Sono dati, quelli relativi alle attività economiche criminali, che sono certamente sottostimati, in quanto – spiega l’associazione in una nota – «non siamo in grado di dimensionare anche i proventi ascrivibili all’infiltrazione di queste organizzazioni malavitose nell’economia legale».
La singolare scelta dell’Unione europea
Tuttavia, aggiunge la Cgia, «se a parole tutti siamo contro le mafie, nelle azioni concrete non sempre è così. Infatti, è quanto meno ‘imbarazzante’ che dal 2014, l’Unione europea, con apposito provvedimento legislativo consenta a tutti i paesi membri di conteggiare nel Pil alcune attività economiche illegali: come la prostituzione, il traffico di stupefacenti e il contrabbando di sigarette».
Grazie a questa scelta, nel 2020 (ultimo dato disponibile) l’Italia ha «gonfiato» la ricchezza nazionale di 17,4 miliardi di euro (quasi un punto di Pil). «Una decisione eticamente inaccettabile – continua la Cgia – da un lato lo Stato combatte e contrasta le mafie, dall’altro riconosce a queste organizzazioni criminali un ruolo attivo di ‘portatori di benessere economico’. In buona sostanza è come se sul piano statistico ammettessimo che anche una parte dell’economia illegale riconducibile a Mafia Spa è ‘buona e accettabile’; insomma, una componente ‘positiva’ della nostra ricchezza nazionale».
Penetrazione territoriale: non solo al Sud
Secondo la Banca d’Italia la penetrazione territoriale della Mafia Spa non riguarda solo il Sud; purtroppo presentano un indice di presenza mafiosa molto preoccupante anche realtà del Centro-Nord, in particolar modo le province di Roma, Latina, Genova, Imperia e Ravenna. Oltre ai 17,4 miliardi di euro legati alle attività illegali (attraverso il traffico di droga, contrabbando di sigarette e prostituzione), il nostro Pil nazionale ‘assorbe’ altri 157 miliardi di euro: di cui 79,7 sono «nascosti» dalla sottodichiarazione, 62,4 miliardi dal lavoro irregolare e 15,2 miliardi dalla voce Altro (ovvero, mance, affitti in nero, etc.).
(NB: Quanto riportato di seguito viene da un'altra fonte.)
(* Let $\mathcal K\subseteq\mathbb{Z}$ be finite and $\Omega=\bigcup_{k\in\mathcal K}(k\pi,\,k\pi+\pi)$. Then $\cot:\Omega\to\mathbb{R}$ is amenable.
   Context: Relative distance on $\mathbb{R}$: $\mathrm{dist}(x,y)=0$ if $x=y=0$, $\mathrm{dist}(x,y)=|\log(y/x)|$ if $xy>0$, and $\mathrm{dist}(x,y)=\infty$ otherwise. For a real analytic function $f$ on an open set $\Omega\subseteq\mathbb{R}$, not identically zero, the condition number is $\kappa(f,x)=0$ if $x=0$, $\kappa(f,x)=\infty$ if $x\neq0$ and $f(x)=0$, and $\kappa(f,x)=|x|\,|f'(x)|/|f(x)|$ otherwise; $\mu(f,x)=1+\kappa(f,x)$. $f:\Omega\to\mathbb{R}$ is amenable if there is $C>0$ such that for every $x\in\Omega$ with $\kappa(f,x)<\infty$, the set $B_x=\{y\in\mathbb{R}:\mathrm{dist}(y,x)<1/(C\mu(f,x))\}$ is contained in $\Omega$ and $\mu(f,y)\leq C\mu(f,x)$ for all $y\in B_x$. *)

From Stdlib Require Import Reals Lra ZArith List.
From Coquelicot Require Import Coquelicot.
Open Scope R_scope.

Definition reldist (x y : R) : Rbar :=
  if Req_EM_T x 0 then
    (if Req_EM_T y 0 then Finite 0 else p_infty)
  else if Rlt_dec 0 (x * y) then Finite (Rabs (ln (y / x)))
  else p_infty.

Definition kappa (f : R -> R) (x : R) : Rbar :=
  if Req_EM_T x 0 then Finite 0
  else if Req_EM_T (f x) 0 then p_infty
  else Finite (Rabs x * Rabs (Derive f x) / Rabs (f x)).

Definition mu (f : R -> R) (x : R) : Rbar := Rbar_plus (Finite 1) (kappa f x).

Definition amenable (Omega : R -> Prop) (f : R -> R) : Prop :=
  exists C : R, 0 < C /\
    forall x : R, Omega x ->
    forall k : R, kappa f x = Finite k ->
      let B := fun y => Rbar_lt (reldist y x) (Finite (1 / (C * (1 + k)))) in
      (forall y, B y -> Omega y) /\
      (forall y, B y -> Rbar_le (mu f y) (Finite (C * (1 + k)))).

Definition cot (x : R) : R := cos x / sin x.

Definition cotDomain (K : list Z) (x : R) : Prop :=
  exists k : Z, In k K /\ IZR k * PI < x /\ x < IZR k * PI + PI.

(* On a component (m pi, m pi + pi) of the domain one has
   kappa(cot, x) = |x| / G(x) with G(x) = |sin x cos x| = |sin 2x| / 2.
   G is 1-Lipschitz and bounded by the distance from x to the endpoints,
   which are zeros of sin.  If dist(y, x) < 1 / (8 (1 + kappa)) then
   |y - x| <= 2 dist(y, x) |x| <= G(x) / 4, so y stays in the component,
   G(y) >= 3 G(x) / 4 and |y| <= 5 |x| / 4; hence kappa(cot, y) <= 2 kappa(cot, x)
   and C = 8 works. *)
From Stdlib Require Import Reals ZArith List Lra Lia.
From Coquelicot Require Import Coquelicot.
Open Scope R_scope.

Lemma Rabs_sin_sub_le a b : Rabs (sin b - sin a) <= Rabs (b - a).
Proof.
  destruct (MVT_abs sin cos a b) as [c [Hc _]].
  { intros; apply derivable_pt_lim_sin. }
  rewrite Hc.
  assert (Rabs (cos c) <= 1) by (apply Rabs_le; apply COS_bound).
  pose proof (Rabs_pos (b - a)). nra.
Qed.

Lemma Rabs_sin_cos_sub_le x y :
  Rabs (sin y * cos y - sin x * cos x) <= Rabs (y - x).
Proof.
  pose proof (Rabs_sin_sub_le (2 * x) (2 * y)) as H.
  rewrite !sin_2a in H.
  replace (2 * sin y * cos y - 2 * sin x * cos x)
    with (2 * (sin y * cos y - sin x * cos x)) in H by ring.
  replace (2 * y - 2 * x) with (2 * (y - x)) in H by ring.
  rewrite !Rabs_mult, Rabs_pos_eq in H by lra. lra.
Qed.

Lemma Rabs_sin_cos_le_dist_mult_PI (k : Z) x :
  Rabs (sin x * cos x) <= Rabs (x - IZR k * PI).
Proof.
  pose proof (Rabs_sin_sub_le (IZR k * PI) x) as H.
  rewrite (sin_eq_0_1 (IZR k * PI)), Rminus_0_r in H by (exists k; reflexivity).
  assert (Rabs (cos x) <= 1) by (apply Rabs_le; apply COS_bound).
  pose proof (Rabs_pos (sin x)).
  rewrite Rabs_mult. nra.
Qed.

Section Component.

Variables (m : Z) (x : R).
Hypothesis Hx : IZR m * PI < x < IZR m * PI + PI.

Lemma component_neq0 : x <> 0.
Proof.
  intros ->. pose proof PI_RGT_0.
  assert (IZR m < 0 /\ -1 < IZR m) as [Hlt Hgt] by (split; nra).
  apply lt_IZR in Hlt. apply (lt_IZR (-1)) in Hgt. lia.
Qed.

Lemma component_ball y :
  Rabs (y - x) < Rabs (sin x * cos x) -> IZR m * PI < y < IZR m * PI + PI.
Proof.
  intros Hd.
  pose proof (Rabs_sin_cos_le_dist_mult_PI m x) as Hl.
  pose proof (Rabs_sin_cos_le_dist_mult_PI (m + 1) x) as Hr.
  rewrite (Rabs_pos_eq (x - _)) in Hl by lra.
  rewrite plus_IZR, Rmult_plus_distr_r, Rmult_1_l, (Rabs_minus_sym x),
    (Rabs_pos_eq (_ - x)) in Hr by lra.
  apply Rabs_def2 in Hd. lra.
Qed.

End Component.

Lemma Derive_cot y : sin y <> 0 -> Derive cot y = - / (sin y) ^ 2.
Proof.
  intros Hs. apply is_derive_unique. unfold cot.
  auto_derive; [assumption|].
  pose proof (sin2_cos2 y) as E. unfold Rsqr in E.
  transitivity (- (sin y * sin y + cos y * cos y) / sin y ^ 2);
    [field; assumption|].
  rewrite E. field. assumption.
Qed.

(* Since [cos x / 0 = 0], [cot x <> 0] already excludes [sin x = 0]. *)
Lemma cot_neq0 x : cot x <> 0 -> sin x * cos x <> 0.
Proof.
  unfold cot, Rdiv. intros H E. apply H.
  destruct (Rmult_integral _ _ E) as [-> | ->].
  - rewrite Rinv_0. ring.
  - ring.
Qed.

Lemma kappa_cot y : y <> 0 -> sin y * cos y <> 0 ->
  kappa cot y = Finite (Rabs y / Rabs (sin y * cos y)).
Proof.
  intros Hy Hg.
  assert (Hs : sin y <> 0) by (intros E; apply Hg; rewrite E; ring).
  assert (Hc : cos y <> 0) by (intros E; apply Hg; rewrite E; ring).
  assert (Hcot : cot y <> 0).
  { unfold cot. unfold Rdiv. apply Rmult_integral_contrapositive_currified;
    [|apply Rinv_neq_0_compat]; assumption. }
  unfold kappa. destruct (Req_EM_T y 0); [contradiction|].
  destruct (Req_EM_T (cot y) 0); [contradiction|].
  f_equal. rewrite Derive_cot by assumption. unfold cot.
  rewrite Rabs_Ropp, !Rabs_mult, Rabs_div, Rabs_inv, <- RPow_abs by assumption.
  assert (Rabs (sin y) <> 0) by (apply Rabs_no_R0; assumption).
  assert (Rabs (cos y) <> 0) by (apply Rabs_no_R0; assumption).
  field. auto.
Qed.

Lemma kappa_cot_finite y k : y <> 0 -> kappa cot y = Finite k ->
  sin y * cos y <> 0 /\ k = Rabs y / Rabs (sin y * cos y).
Proof.
  intros Hy Hk.
  assert (Hg : sin y * cos y <> 0).
  { apply cot_neq0. intros E. unfold kappa in Hk.
    destruct (Req_EM_T y 0); [contradiction|].
    destruct (Req_EM_T (cot y) 0); [discriminate | contradiction]. }
  rewrite kappa_cot in Hk by assumption. injection Hk as Hk. auto.
Qed.

Lemma Rabs_sub_1_le_of_Rabs_ln_lt q r : 0 < q -> r <= 1/2 ->
  Rabs (ln q) < r -> Rabs (q - 1) <= 2 * r.
Proof.
  intros Hq Hr Hln. apply Rabs_def2 in Hln as [Hup Hlo].
  assert (Hexp_up : q < exp r).
  { rewrite <- (exp_ln q) by assumption. apply exp_increasing. lra. }
  assert (Hexp_lo : exp (- r) < q).
  { rewrite <- (exp_ln q) by assumption. apply exp_increasing. lra. }
  pose proof (exp_ineq1_le (- r)).
  assert (Hinv : exp r * exp (- r) = 1).
  { rewrite <- exp_plus, Rplus_opp_r. apply exp_0. }
  apply Rabs_le. split; nra.
Qed.

Lemma reldist_lt_Rabs_sub_le x y r : x <> 0 -> r <= 1/2 ->
  Rbar_lt (reldist y x) (Finite r) -> y <> 0 /\ Rabs (y - x) <= 2 * r * Rabs x.
Proof.
  intros Hx Hr Hd. unfold reldist in Hd.
  destruct (Req_EM_T y 0).
  { destruct (Req_EM_T x 0); [contradiction | destruct Hd]. }
  destruct (Rlt_dec 0 (y * x)) as [Hyx|]; [|destruct Hd].
  simpl in Hd.
  assert (Hq : 0 < y / x).
  { replace (y / x) with (y * x / (x * x)) by (field; assumption).
    apply Rdiv_lt_0_compat; [assumption | nra]. }
  replace (x / y) with (/ (y / x)) in Hd by (field; auto).
  rewrite ln_Rinv, Rabs_Ropp in Hd by assumption.
  pose proof (Rabs_sub_1_le_of_Rabs_ln_lt _ _ Hq Hr Hd).
  split; [assumption|].
  replace (y - x) with (x * (y / x - 1)) by (field; assumption).
  rewrite Rabs_mult. pose proof (Rabs_pos x). nra.
Qed.

Lemma reldist_lt_cot_ball x y : x <> 0 -> sin x * cos x <> 0 ->
  Rbar_lt (reldist y x)
    (Finite (1 / (8 * (1 + Rabs x / Rabs (sin x * cos x))))) ->
  y <> 0 /\ Rabs (y - x) <= Rabs (sin x * cos x) / 4 /\
  Rabs y <= 5 / 4 * Rabs x.
Proof.
  intros Hx Hg Hd.
  set (G := Rabs (sin x * cos x)) in *.
  set (k := Rabs x / G) in *.
  set (r := 1 / (8 * (1 + k))) in *.
  assert (HG : 0 < G) by (apply Rabs_pos_lt; assumption).
  assert (Hk : 0 <= k) by (apply Rdiv_le_0_compat; [apply Rabs_pos | assumption]).
  assert (HxG : Rabs x = k * G) by (unfold k; field; lra).
  assert (Hr : r * (8 * (1 + k)) = 1) by (unfold r; field; lra).
  assert (Hr0 : 0 < r) by (unfold r; apply Rdiv_lt_0_compat; lra).
  destruct (reldist_lt_Rabs_sub_le x y r Hx ltac:(nra) Hd) as [Hy Hyx].
  assert (Hrk : 8 * r * k <= 1) by nra.
  assert (Hsmall : 2 * r * Rabs x <= G / 4) by (rewrite HxG; nra).
  pose proof (Rabs_triang_inv y x).
  repeat split; [assumption | lra | nra].
Qed.

Lemma kappa_cot_le_of_near x y : y <> 0 -> sin x * cos x <> 0 ->
  Rabs (y - x) <= Rabs (sin x * cos x) / 4 -> Rabs y <= 5 / 4 * Rabs x ->
  sin y * cos y <> 0 /\
  Rabs y / Rabs (sin y * cos y) <= 2 * (Rabs x / Rabs (sin x * cos x)).
Proof.
  intros Hy Hg Hyx Habs.
  assert (HG : 0 < Rabs (sin x * cos x)) by (apply Rabs_pos_lt; assumption).
  pose proof (Rabs_sin_cos_sub_le y x) as Hlip.
  pose proof (Rabs_triang_inv (sin x * cos x) (sin y * cos y)).
  rewrite (Rabs_minus_sym x) in Hlip.
  assert (Hgy : 3 / 4 * Rabs (sin x * cos x) <= Rabs (sin y * cos y)) by lra.
  split.
  - intros E. rewrite E, Rabs_R0 in Hgy. lra.
  - apply Rle_div_l; [lra|].
    set (k := Rabs x / Rabs (sin x * cos x)).
    assert (Hk : 0 <= k) by (apply Rdiv_le_0_compat; [apply Rabs_pos | lra]).
    assert (Rabs x = k * Rabs (sin x * cos x)) by (unfold k; field; lra).
    nra.
Qed.

Theorem mainTheorem12 (K : list Z) : amenable (cotDomain K) cot.
Proof.
  exists 8. split; [lra|].
  intros x [m [Hm Hx]] k Hk; simpl.
  pose proof (component_neq0 m x Hx) as Hx0.
  destruct (kappa_cot_finite x k Hx0 Hk) as [Hg ->].
  split.
  - intros y Hy.
    destruct (reldist_lt_cot_ball x y Hx0 Hg Hy) as (_ & Hyx & _).
    exists m. split; [assumption|].
    apply (component_ball m x Hx).
    pose proof (Rabs_pos_lt _ Hg). lra.
  - intros y Hy.
    destruct (reldist_lt_cot_ball x y Hx0 Hg Hy) as (Hy0 & Hyx & Habs).
    destruct (kappa_cot_le_of_near x y Hy0 Hg Hyx Habs) as [Hgy Hle].
    pose proof (Rdiv_le_0_compat (Rabs x) (Rabs (sin x * cos x))
      (Rabs_pos x) (Rabs_pos_lt _ Hg)).
    unfold mu. rewrite kappa_cot by assumption. simpl. lra.
Qed.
I 174,4 miliardi di euro complessivi (17,4 più 157), compongono la cosiddetta economia non osservata che è interamente conteggiata nel nostro Pil nazionale. «Ancorché non sia possibile quantificarne la dimensione, è evidente che anche una parte importante di questo stock (157 miliardi) sia riconducibile alle organizzazioni criminali di stampo mafioso, a dimostrazione che i 40 miliardi di volume d’affari richiamati all’inizio di questo documento addebitati a Mafia Spa sono, purtroppo, sottostimati» conclude la Cgia.